The input:
▶

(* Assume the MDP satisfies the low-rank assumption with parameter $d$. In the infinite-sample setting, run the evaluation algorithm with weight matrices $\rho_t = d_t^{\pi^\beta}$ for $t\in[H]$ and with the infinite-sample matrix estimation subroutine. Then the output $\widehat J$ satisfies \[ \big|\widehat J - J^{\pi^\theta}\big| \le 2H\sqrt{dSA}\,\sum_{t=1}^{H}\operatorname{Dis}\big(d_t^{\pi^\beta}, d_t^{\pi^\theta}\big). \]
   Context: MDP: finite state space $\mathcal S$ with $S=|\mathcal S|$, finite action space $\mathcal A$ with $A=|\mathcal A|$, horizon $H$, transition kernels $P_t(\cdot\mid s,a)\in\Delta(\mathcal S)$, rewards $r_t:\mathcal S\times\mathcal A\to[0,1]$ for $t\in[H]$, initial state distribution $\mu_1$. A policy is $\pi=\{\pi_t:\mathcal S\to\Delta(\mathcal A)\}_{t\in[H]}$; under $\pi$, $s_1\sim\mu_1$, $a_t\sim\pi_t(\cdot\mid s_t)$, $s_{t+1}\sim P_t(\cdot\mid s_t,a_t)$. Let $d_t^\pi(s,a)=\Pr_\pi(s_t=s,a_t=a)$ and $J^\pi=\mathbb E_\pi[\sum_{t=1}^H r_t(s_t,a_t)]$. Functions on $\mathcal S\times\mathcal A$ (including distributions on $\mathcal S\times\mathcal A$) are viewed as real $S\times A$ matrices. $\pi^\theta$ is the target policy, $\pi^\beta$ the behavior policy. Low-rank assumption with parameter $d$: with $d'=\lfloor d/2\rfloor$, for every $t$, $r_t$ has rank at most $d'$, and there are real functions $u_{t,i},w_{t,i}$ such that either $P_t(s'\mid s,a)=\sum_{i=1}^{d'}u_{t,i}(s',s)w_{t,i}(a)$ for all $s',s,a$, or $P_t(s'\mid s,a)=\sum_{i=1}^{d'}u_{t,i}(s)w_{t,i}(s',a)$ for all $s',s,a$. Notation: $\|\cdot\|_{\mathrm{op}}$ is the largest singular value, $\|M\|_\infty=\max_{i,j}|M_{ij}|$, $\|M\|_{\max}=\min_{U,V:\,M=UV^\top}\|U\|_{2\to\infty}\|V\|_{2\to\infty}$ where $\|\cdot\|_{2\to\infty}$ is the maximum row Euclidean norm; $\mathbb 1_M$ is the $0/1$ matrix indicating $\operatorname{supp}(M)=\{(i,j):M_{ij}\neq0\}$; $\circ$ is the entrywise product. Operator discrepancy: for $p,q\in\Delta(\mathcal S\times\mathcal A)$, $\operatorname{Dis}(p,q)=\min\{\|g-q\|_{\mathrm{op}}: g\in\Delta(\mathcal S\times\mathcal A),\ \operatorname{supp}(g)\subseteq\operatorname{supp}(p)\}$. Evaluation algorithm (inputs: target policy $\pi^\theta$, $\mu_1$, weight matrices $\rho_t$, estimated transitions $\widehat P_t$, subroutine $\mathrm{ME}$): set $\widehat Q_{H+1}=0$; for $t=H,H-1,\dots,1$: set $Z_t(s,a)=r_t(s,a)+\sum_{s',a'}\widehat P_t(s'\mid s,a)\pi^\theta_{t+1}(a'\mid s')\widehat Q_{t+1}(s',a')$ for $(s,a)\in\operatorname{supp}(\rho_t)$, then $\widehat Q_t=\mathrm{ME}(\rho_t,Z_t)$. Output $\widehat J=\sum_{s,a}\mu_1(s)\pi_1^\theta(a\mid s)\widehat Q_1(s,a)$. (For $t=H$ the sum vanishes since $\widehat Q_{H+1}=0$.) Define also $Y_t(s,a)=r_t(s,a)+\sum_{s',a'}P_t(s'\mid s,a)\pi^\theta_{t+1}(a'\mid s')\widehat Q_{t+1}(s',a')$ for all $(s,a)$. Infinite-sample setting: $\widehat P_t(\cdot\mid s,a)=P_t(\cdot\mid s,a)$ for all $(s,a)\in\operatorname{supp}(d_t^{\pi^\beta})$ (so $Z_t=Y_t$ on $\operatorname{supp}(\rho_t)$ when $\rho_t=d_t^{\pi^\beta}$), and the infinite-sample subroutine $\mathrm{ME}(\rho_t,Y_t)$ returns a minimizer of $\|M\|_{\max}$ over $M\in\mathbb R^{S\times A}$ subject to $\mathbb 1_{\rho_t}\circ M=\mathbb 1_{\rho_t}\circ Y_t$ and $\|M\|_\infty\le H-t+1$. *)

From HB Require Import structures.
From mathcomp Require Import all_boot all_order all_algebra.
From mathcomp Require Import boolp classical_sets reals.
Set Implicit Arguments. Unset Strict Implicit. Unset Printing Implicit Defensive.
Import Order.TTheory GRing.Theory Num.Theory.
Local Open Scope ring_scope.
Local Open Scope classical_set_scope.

◀

The problem: Your task is to return, exactly and on their own, the lines from the one containing "Set Implicit Arguments." through the last line of the listing.

Reply:
Set Implicit Arguments. Unset Strict Implicit. Unset Printing Implicit Defensive.
Import Order.TTheory GRing.Theory Num.Theory.
Local Open Scope ring_scope.
Local Open Scope classical_set_scope.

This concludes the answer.